Block_Matching_Algorithm_For_Motion_Estimation

advertisement
International Journal of Research In Science & Engineering
Volume: 1 Issue: 1
e-ISSN: 2394-8299
p-ISSN: 2394-8280
BLOCK MATCHING ALGORITHM FOR MOTION ESTIMATION
Siddharth Joshi1, Shubham S.Kale2, Akshay Kalokhe3, Sanket Kulkarni4
1
Student, Computer Department, PCCOE, siddharth9527@gmail.com
Student, Computer Department, DYPIEMR, shubham.kale27@gmail.com
3
Student, Computer Department, SRTTC, akshaykalokhe22@gmail.com
4
Student, Computer Department, SRTTC, sanket.kulkarni20@gmail.com
2
ABSTRACT
This paper is a survey of the block matching algorithms used for motion estimation in video compression. It
implements and compares 4 different types of block matching algorithms that range from the very basic
Exhaustive Search to the recent fast adaptive algorithms like Adaptive Energy Model For Motion
Estimation(AEME). The algorithms that are evaluated in this paper are widely acknowledged by the video
compressing community and have been used in implementing various standards, ranging from MPEG1 to
MPEG4 . The paper also presents a very brief introduction to the entire flow of video compression.
Keywords: Block matching, motion estimation, video compression.
----------------------------------------------------------------------------------------------------------------------------1. INTRODUCTION
With the onset of the multimedia age and the spread of Internet, video storage on CD/DVD and streaming
video has been gaining a lot of popularity. The Moving Picture Experts Group (MPEG) video coding standards
pertain towards compressed video storage on physical media like CD/DVD. Generally in any standard the basic
flow of the entire compression decompression process is largely the same and is depicted in Fig below. The
encoding side estimates the motion in the current frame with respect to a preceding frame. A motion compensated
image for the current frame is then created that is built of blocks of image from the preceding frame. The motion
vectors for blocks used for motion estimation are transmitted, as well as the variance of the compensated image with
the current frame is also JPEG encoded and sent. The encoded image that is sent is then decrypted at the encoder
and used as a reference frame for the subsequent frames. The decoder converses the process and creates a full frame.

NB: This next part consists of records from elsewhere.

(* For any prime power $q$, there exist unit weighing matrices $W_1,\ldots,W_q$ of order $q^2$ and weight $q$ that are mutually quasi-unbiased for the parameters $(q^2,q,q^2,1)$ and such that, for any distinct $i,j\in\{1,\ldots,q\}$, $W_iW_j^*$ is a Bush-type $(q^2,q)$-Butson Hadamard matrix.
   Context: Let $\mathbb{T}=\{c\in\mathbb{C}:|c|=1\}$ and $W^*$ the conjugate transpose. A unit weighing matrix of order $n$ and weight $k$ is an $n\times n$ matrix $W$ with entries in $\{0\}\cup\mathbb{T}$ with $WW^*=kI_n$. Unit weighing matrices $W_1,W_2$ of order $n$ and weight $k$ are quasi-unbiased for parameters $(n,k,l,a)$ if $\frac1{\sqrt a}W_1W_2^*$ is a unit weighing matrix of order $n$ and weight $l$; mutually quasi-unbiased means pairwise. A complex Hadamard matrix of order $n$ is a unit weighing matrix of order $n$ and weight $n$; an $(n,m)$-Butson Hadamard matrix is a complex Hadamard matrix of order $n$ all of whose entries are $m$-th roots of unity. A complex Hadamard matrix $H$ of order $n^2$ is of Bush-type if, partitioned into $n\times n$ blocks $H=(H_{ij})_{i,j=1}^n$, it satisfies $H_{ii}=J_n$ for all $i$ and $H_{ij}J_n=J_nH_{ij}=O_n$ for all $i\neq j$, where $J_n$ is the all-ones matrix and $O_n$ the zero matrix. *)

From HB Require Import structures.
From mathcomp Require Import all_boot all_order all_algebra complex.
From mathcomp Require Import Rstruct.
From Stdlib Require Import Reals.

Unset Implicit Arguments.
Unset Printing Implicit Defensive.

Import Order.TTheory GRing.Theory Num.Theory.
Local Open Scope ring_scope.

Definition CC : numClosedFieldType := Rdefinitions.R[i].

Definition ctrmx {C : numClosedFieldType} {m n : nat} (W : 'M[C]_(m, n))
  : 'M[C]_(n, m) := (map_mx Num.conj W)^T.

Definition unit_weighing {C : numClosedFieldType} (n k : nat) (W : 'M[C]_n)
  : Prop :=
  (forall i j, W i j = 0 \/ `|W i j| = 1) /\ W *m ctrmx W = k%:R%:M.

Definition quasi_unbiased {C : numClosedFieldType} (n k l a : nat)
    (W1 W2 : 'M[C]_n) : Prop :=
  unit_weighing n k W1 /\ unit_weighing n k W2 /\
  unit_weighing n l ((sqrtC (a%:R : C))^-1 *: (W1 *m ctrmx W2)).

Definition mutually_quasi_unbiased {C : numClosedFieldType} (I : finType)
    (n k l a : nat) (W : I -> 'M[C]_n) : Prop :=
  forall i j, i != j -> quasi_unbiased n k l a (W i) (W j).

Definition complex_hadamard {C : numClosedFieldType} (n : nat) (H : 'M[C]_n)
  : Prop := unit_weighing n n H.

Definition butson_hadamard {C : numClosedFieldType} (n m : nat) (H : 'M[C]_n)
  : Prop := complex_hadamard n H /\ (forall i j, H i j ^+ m = 1).

(* the (i,j) block (of size n x n) of a matrix of order n*n, blocks being
   consecutive rows/columns: entry (a,b) of block (i,j) is H (i*n+a) (j*n+b) *)
Definition mxblk {C : numClosedFieldType} (n : nat) (H : 'M[C]_(n * n))
    (i j : 'I_n) : 'M[C]_n :=
  \matrix_(a < n, b < n) H (mxvec_index i a) (mxvec_index j b).

Definition bush_type {C : numClosedFieldType} (n : nat) (H : 'M[C]_(n * n))
  : Prop :=
  complex_hadamard (n * n) H /\
  (forall i, mxblk n H i i = const_mx 1) /\
  (forall i j, i != j ->
     mxblk n H i j *m (const_mx 1 : 'M[C]_n) = 0 /\
     (const_mx 1 : 'M[C]_n) *m mxblk n H i j = 0).

Local Close Scope ring_scope.
Definition prime_power (q : nat) : Prop :=
  exists p k : nat, [/\ prime p, (0 < k)%N & q = (p ^ k)%N].

From HB Require Import structures.
From mathcomp Require Import all_boot all_order all_algebra complex.
From mathcomp Require Import Rstruct.
From mathcomp Require Import cyclic separable finfield cyclotomic ring.
Import GRing.Theory Num.Theory.
Local Open Scope ring_scope.

Set Implicit Arguments.
Unset Strict Implicit.

(* Identify ['I_q] with a field [F] of order [q] and fix a primitive [q]-th
   root of unity [w].  The rows of [W i] are indexed by pairs [(x, a)] and its
   columns by pairs [(y, b)]: row [(x, a)] carries the character
   [y |-> w ^ (x y)] on the points of the line [b = a + i y].  Parallel lines
   are equal or disjoint, so [W i W i^*] is [q I] by orthogonality of
   characters.  Two lines of distinct slopes [i], [j] meet in exactly one
   point [y], so each entry of [W i W j^*] is the [q]-th root of unity
   [w ^ ((x - x') y)].  As [a] (or [a']) varies, that meeting point runs over
   all of [F], which makes the diagonal blocks all-ones and gives the
   off-diagonal blocks zero row and column sums. *)

Section PairIndexedMatrix.
Variables (R : pzRingType) (m n : nat).

Definition mxvec_pair (k : 'I_(m * n)) : 'I_m * 'I_n :=
  enum_val (cast_ord (esym (mxvec_cast m n)) k).

Lemma mxvec_pairK i j : mxvec_pair (mxvec_index i j) = (i, j).
Proof. by rewrite /mxvec_pair cast_ordK enum_rankK. Qed.

Lemma mxvec_pairKV : cancel mxvec_pair (fun s => mxvec_index s.1 s.2).
Proof.
by move=> k; rewrite /mxvec_index -surjective_pairing enum_valK cast_ordKV.
Qed.

Definition pair_mx (K : 'I_m -> 'I_n -> 'I_m -> 'I_n -> R) : 'M[R]_(m * n) :=
  \matrix_(r, c)
    K (mxvec_pair r).1 (mxvec_pair r).2 (mxvec_pair c).1 (mxvec_pair c).2.

Lemma pair_mxE K x a y b :
  pair_mx K (mxvec_index x a) (mxvec_index y b) = K x a y b.
Proof. by rewrite mxE !mxvec_pairK. Qed.

Lemma eq_pair_mx K1 K2 :
  (forall x a y b, K1 x a y b = K2 x a y b) -> pair_mx K1 = pair_mx K2.
Proof. by move=> eqK; apply/matrixP=> r c; rewrite !mxE eqK. Qed.

Lemma mulmx_pair K1 K2 : pair_mx K1 *m pair_mx K2 =
  pair_mx (fun x a x' a' => \sum_y \sum_b K1 x a y b * K2 y b x' a').
Proof.
apply/matrixP=> r c; rewrite !mxE pair_bigA (reindex _ (curry_mxvec_bij m n)) /=.
by apply: eq_bigr => -[y b] _; rewrite !mxE mxvec_pairK.
Qed.

Lemma pair_mx_scalar K (k : R) :
  (forall x a y b, K x a y b = ((x == y) && (a == b))%:R * k) ->
  pair_mx K = k%:M.
Proof.
move=> DK; apply/matrixP=> r c; rewrite !mxE DK mulr_natl -xpair_eqE.
by rewrite -!surjective_pairing (can_eq mxvec_pairKV).
Qed.

End PairIndexedMatrix.

Section ConjugateTranspose.
Variable C : numClosedFieldType.

Lemma ctrmx_pair_mx m n (K : 'I_m -> 'I_n -> 'I_m -> 'I_n -> C) :
  ctrmx (pair_mx K) = pair_mx (fun x a y b => (K y b x a)^*).
Proof. by apply/matrixP=> r c; rewrite !mxE. Qed.

Lemma ctrmxM m n p (A : 'M[C]_(m, n)) (B : 'M[C]_(n, p)) :
  ctrmx (A *m B) = ctrmx B *m ctrmx A.
Proof. by rewrite /ctrmx map_mxM trmx_mul. Qed.

Lemma ctrmxK m n (A : 'M[C]_(m, n)) : ctrmx (ctrmx A) = A.
Proof. by apply/matrixP=> r c; rewrite !mxE conjCK. Qed.

Lemma ctrmx_mulmx_scalar n (W : 'M[C]_n) (k : C) :
  k != 0 -> W *m ctrmx W = k%:M -> ctrmx W *m W = k%:M.
Proof.
move=> k_nz WW; have : (k^-1 *: W) *m ctrmx W = 1%:M.
  by rewrite -scalemxAl WW scale_scalar_mx mulVf.
move/mulmx1C; rewrite -scalemxAr => /(congr1 ( *:%R k)).
by rewrite scalerA mulfV // scale1r scale_scalar_mx mulr1.
Qed.

Lemma mulmx_ctrmx_scalar n (A B : 'M[C]_n) (k : C) : k != 0 ->
  A *m ctrmx A = k%:M -> B *m ctrmx B = k%:M ->
  (A *m ctrmx B) *m ctrmx (A *m ctrmx B) = (k * k)%:M.
Proof.
move=> k_nz AA BB; rewrite ctrmxM ctrmxK mulmxA -(mulmxA A).
rewrite (ctrmx_mulmx_scalar k_nz BB) mul_mx_scalar -scalemxAl AA.
by rewrite scale_scalar_mx.
Qed.

End ConjugateTranspose.

Lemma sum_expr_root1 (R : idomainType) n (z : R) :
  z ^+ n = 1 -> z != 1 -> \sum_(i < n) z ^+ i = 0.
Proof.
move=> zn1 z_neq1; apply/eqP; have := subrX1 z n.
by rewrite zn1 subrr => /esym/eqP; rewrite mulf_eq0 subr_eq0 (negbTE z_neq1).
Qed.

Lemma prim_root_exists (C : numClosedFieldType) n :
  (0 < n)%N -> {w : C | n.-primitive_root w}.
Proof.
move=> n_gt0; pose p : {poly C} := 'X^n - 1.
have [r Dp] := closed_field_poly_normal p.
apply/sigW; rewrite (monicP _) ?monicXnsubC // scale1r in Dp.
have rn1 : all n.-unity_root r by apply/allP=> z; rewrite -root_prod_XsubC -Dp.
have sz_r : (n < (size r).+1)%N.
  by rewrite -(size_prod_XsubC r id) -Dp size_XnsubC.
have [|w] := hasP (has_prim_root n_gt0 rn1 _ sz_r); last by exists w.
by rewrite -separable_prod_XsubC -Dp separable_Xn_sub_1 // pnatr_eq0 -lt0n.
Qed.

Section RootsOfUnity.
Variables (C : numClosedFieldType) (n : nat) (w : C).
Hypothesis w_prim : n.-primitive_root w.

Lemma norm_prim_root : `|w| = 1.
Proof.
apply/eqP; rewrite -(pexpr_eq1 (prim_order_gt0 w_prim)) ?normr_ge0 //.
by rewrite -normrX prim_expr_order // normr1.
Qed.

Lemma norm_prim_rootX k : `|w ^+ k| = 1.
Proof. by rewrite normrX norm_prim_root expr1n. Qed.

Lemma conj_prim_rootXK k : (w ^+ k)^* * w ^+ k = 1.
Proof. by rewrite mulrC -normCK norm_prim_rootX expr1n. Qed.

(* As [|w| = 1], this is [w ^ (x - x')]. *)
Definition root_quot (x x' : nat) : C := w ^+ x * (w ^+ x')^*.

Lemma norm_root_quot x x' : `|root_quot x x'| = 1.
Proof. by rewrite normrM norm_conjC !norm_prim_rootX mulr1. Qed.

Lemma root_quotxx x : root_quot x x = 1.
Proof. by rewrite /root_quot mulrC conj_prim_rootXK. Qed.

Lemma root_quot_expr_order x x' : root_quot x x' ^+ n = 1.
Proof.
rewrite /root_quot exprMn -rmorphXn (exprAC w x) (exprAC w x').
by rewrite !(prim_expr_order w_prim) !expr1n rmorph1 mulr1.
Qed.

Lemma root_quot_eq1 (x x' : 'I_n) : (root_quot x x' == 1) = (x == x').
Proof.
apply/eqP/eqP => [quot1 | ->]; last exact: root_quotxx.
have : w ^+ x = w ^+ x'.
  rewrite -[w ^+ x]mulr1 -(conj_prim_rootXK x') mulrA -/(root_quot x x').
  by rewrite quot1 mul1r.
by move/eqP; rewrite (eq_prim_root_expr w_prim) !modn_small // => /eqP/val_inj.
Qed.

Lemma sum_root_quotX (x x' : 'I_n) :
  \sum_(y < n) root_quot x x' ^+ y = (x == x')%:R * n%:R.
Proof.
have [<- | neq_xx'] := eqVneq x x'; last first.
  by rewrite mul0r sum_expr_root1 ?root_quot_expr_order ?root_quot_eq1.
rewrite root_quotxx mul1r (eq_bigr (fun=> 1)) ?sumr_const ?card_ord //.
by move=> y _; rewrite expr1n.
Qed.

End RootsOfUnity.

Section AffineLineWeighing.
Variables (C : numClosedFieldType) (q : nat) (F : finFieldType).
Variables (e : 'I_q -> F) (e_inv : F -> 'I_q).
Hypotheses (eK : cancel e e_inv) (e_invK : cancel e_inv e).
Variable w : C.
Hypothesis w_prim : q.-primitive_root w.

Let q_gt0 : (0 < q)%N. Proof. exact: prim_order_gt0 w_prim. Qed.
Let e_inj : injective e. Proof. exact: can_inj eK. Qed.
Let e_inv_inj : injective e_inv. Proof. exact: can_inj e_invK. Qed.

Definition line_weighing_mx (i : 'I_q) : 'M[C]_(q * q) :=
  pair_mx (fun x a y b => if e b == e a + e i * e y then (w ^+ x) ^+ y else 0).

Local Notation W := line_weighing_mx.

Lemma mul_line_weighing_mx i j : W i *m ctrmx (W j) =
  pair_mx (fun x a x' a' => \sum_(y < q)
    (e a + e i * e y == e a' + e j * e y)%:R * root_quot w x x' ^+ y).
Proof.
rewrite ctrmx_pair_mx mulmx_pair; apply: eq_pair_mx => x a x' a'.
apply: eq_bigr => y _; rewrite (bigD1 (e_inv (e a + e i * e y))) //= e_invK eqxx.
rewrite big1 ?addr0; last first.
  by move=> b; rewrite -(can_eq e_invK) eK => /negbTE ->; rewrite mul0r.
case: ifP => _; last by rewrite rmorph0 mulr0 mul0r.
by rewrite mul1r /root_quot exprMn rmorphXn.
Qed.

Lemma line_weighing_mx_unit_weighing i : unit_weighing (q * q) q (W i).
Proof.
split=> [r c | ].
  by rewrite mxE; case: ifP; [right; rewrite -exprM (norm_prim_rootX w_prim) | left].
rewrite mul_line_weighing_mx; apply: pair_mx_scalar => x a x' a'.
under eq_bigr => y _ do rewrite (inj_eq (addIr _)).
rewrite -mulr_sumr (sum_root_quotX w_prim) mulrA -natrM mulnb.
by rewrite andbC (can_eq eK).
Qed.

Let subr_neq0 i j : i != j -> e i - e j != 0.
Proof. by rewrite subr_eq0 (inj_eq e_inj). Qed.

Definition line_meet (i j a a' : 'I_q) : 'I_q :=
  e_inv ((e a' - e a) / (e i - e j)).

Lemma line_meetP i j a a' y : i != j ->
  (e a + e i * e y == e a' + e j * e y) = (y == line_meet i j a a').
Proof.
move/subr_neq0=> d_nz; rewrite /line_meet -(can_eq eK) e_invK.
apply/eqP/eqP => [meet | ->]; last by field.
by rewrite -[e a'](addrK (e j * e y)) -meet; field.
Qed.

Lemma line_meet_injr i j a : i != j -> injective (line_meet i j a).
Proof.
move/subr_neq0=> d_nz b b' /e_inv_inj/(congr1 (fun z => z * (e i - e j) + e a)).
by rewrite !divfK // !subrK => /e_inj.
Qed.

Lemma line_meet_injl i j b : i != j -> injective (line_meet i j ^~ b).
Proof.
move/subr_neq0=> d_nz a a' /e_inv_inj/(congr1 (fun z => e b - z * (e i - e j))).
by rewrite !divfK // !subKr => /e_inj.
Qed.

Lemma mul_line_weighing_mx_neq i j : i != j -> W i *m ctrmx (W j) =
  pair_mx (fun x a x' a' => root_quot w x x' ^+ line_meet i j a a').
Proof.
move=> neq_ij; rewrite mul_line_weighing_mx; apply: eq_pair_mx => x a x' a'.
under eq_bigr => y _ do rewrite line_meetP //.
rewrite (bigD1 (line_meet i j a a')) //= eqxx mul1r big1 ?addr0 //.
by move=> y /negbTE ->; rewrite mul0r.
Qed.

Lemma line_weighing_mx_hadamard i j : i != j ->
  complex_hadamard (q * q) (W i *m ctrmx (W j)).
Proof.
move=> neq_ij; split=> [r c | ].
  right; rewrite mul_line_weighing_mx_neq // mxE normrX.
  by rewrite (norm_root_quot w_prim) expr1n.
have q_nz : q%:R != 0 :> C by rewrite pnatr_eq0 -lt0n.
have [_ WiWi] := line_weighing_mx_unit_weighing i.
have [_ WjWj] := line_weighing_mx_unit_weighing j.
by rewrite (mulmx_ctrmx_scalar q_nz WiWi WjWj) natrM.
Qed.

Lemma line_weighing_mx_butson i j : i != j ->
  butson_hadamard (q * q) q (W i *m ctrmx (W j)).
Proof.
move=> neq_ij; split=> [ | r c]; first exact: line_weighing_mx_hadamard.
rewrite mul_line_weighing_mx_neq // mxE exprAC.
by rewrite (root_quot_expr_order w_prim) expr1n.
Qed.

Lemma line_weighing_mx_bush i j : i != j -> bush_type q (W i *m ctrmx (W j)).
Proof.
move=> neq_ij; split; first exact: line_weighing_mx_hadamard.
rewrite mul_line_weighing_mx_neq //; split=> [x | x x' neq_xx'].
  by apply/matrixP=> a b; rewrite mxE pair_mxE mxE (root_quotxx w_prim) expr1n.
have sum_quot0 : \sum_(y < q) root_quot w x x' ^+ y = 0.
  by rewrite (sum_root_quotX w_prim) (negbTE neq_xx') mul0r.
split; apply/matrixP=> a c; rewrite mxE mxE.
  under eq_bigr => b _ do rewrite mxE pair_mxE mxE mulr1.
  by rewrite (reindex_inj (line_meet_injr (a := a) neq_ij)) in sum_quot0.
under eq_bigr => b _ do rewrite mxE mxE pair_mxE mul1r.
by rewrite (reindex_inj (line_meet_injl (b := c) neq_ij)) in sum_quot0.
Qed.

Lemma line_weighing_mx_quasi_unbiased :
  mutually_quasi_unbiased 'I_q (q * q) q (q * q) 1 W.
Proof.
move=> i j neq_ij; split; first exact: line_weighing_mx_unit_weighing.
split; first exact: line_weighing_mx_unit_weighing.
by rewrite sqrtC1 invr1 scale1r; apply: line_weighing_mx_hadamard.
Qed.

End AffineLineWeighing.

Lemma prime_power_finField q :
  prime_power q -> exists F : finFieldType, #|F| = q.
Proof.
case=> p [k [p_pr k_gt0 ->]].
have [F _ cardF] := pPrimePowerField p_pr k_gt0.
(* [prime_power] is stated with Stdlib's [Nat.pow], not [expn]. *)
by exists F; rewrite cardF; elim: k {k_gt0 cardF} => // k IHk; rewrite expnS IHk.
Qed.

Theorem theorem6p3 (q : nat) : prime_power q ->
  exists W : 'I_q -> 'M[CC]_(q * q),
    (forall i, unit_weighing (q * q) q (W i)) /\
    mutually_quasi_unbiased 'I_q (q * q) q (q * q) 1 W /\
    (forall i j, i != j ->
       butson_hadamard (q * q) q (W i *m ctrmx (W j)) /\
       bush_type q (W i *m ctrmx (W j))).
Proof.
move=> q_pp; have [F cardF] := prime_power_finField q_pp.
have q_gt0 : (0 < q)%N by rewrite -cardF (cardD1 0).
have [w w_prim] := @prim_root_exists CC q q_gt0.
pose e (i : 'I_q) : F := enum_val (cast_ord (esym cardF) i).
pose e_inv (f : F) : 'I_q := cast_ord cardF (enum_rank f).
have eK : cancel e e_inv by move=> i; rewrite /e /e_inv enum_valK cast_ordKV.
have e_invK : cancel e_inv e by move=> f; rewrite /e /e_inv cast_ordK enum_rankK.
exists (line_weighing_mx e w); split; first exact: line_weighing_mx_unit_weighing.
split; first exact: line_weighing_mx_quasi_unbiased.
move=> i j neq_ij.
by split; [apply: line_weighing_mx_butson | apply: line_weighing_mx_bush].
Qed.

The whole idea behind motion estimation based video compression is to save on bits by sending JPEG encoded
variance images which inherently have less energy and can be highly compressed as associated to sending a full
frame that is JPEG encoded. Motion JPEG, where all frames are JPEG encoded.
The most computationally classy and resource hungry operation in the entire compression process is
motion estimation. Hence, this arena has seen the highest bustle and research interest in the past two decades. This
paper evaluates the fundamental block matching algorithms such as Exhaustive Search(ES) , Three Step
Search(TSS) , New Three Step Search(NTSS) , AEME. Section II explains block matching in general and then the
above algorithms in detail.
IJRISE| www.ijrise.org|editor@ijrise.org
International Journal of Research In Science & Engineering
Volume: 1 Issue: 1
e-ISSN: 2394-8299
p-ISSN: 2394-8280
2. BLOCK MATCHING ALGORITHM
The underlying belief behind motion estimation is that the patterns corresponding to objects and
background in a frame of video order move within the frame to form corresponding objects on the subsequent frame.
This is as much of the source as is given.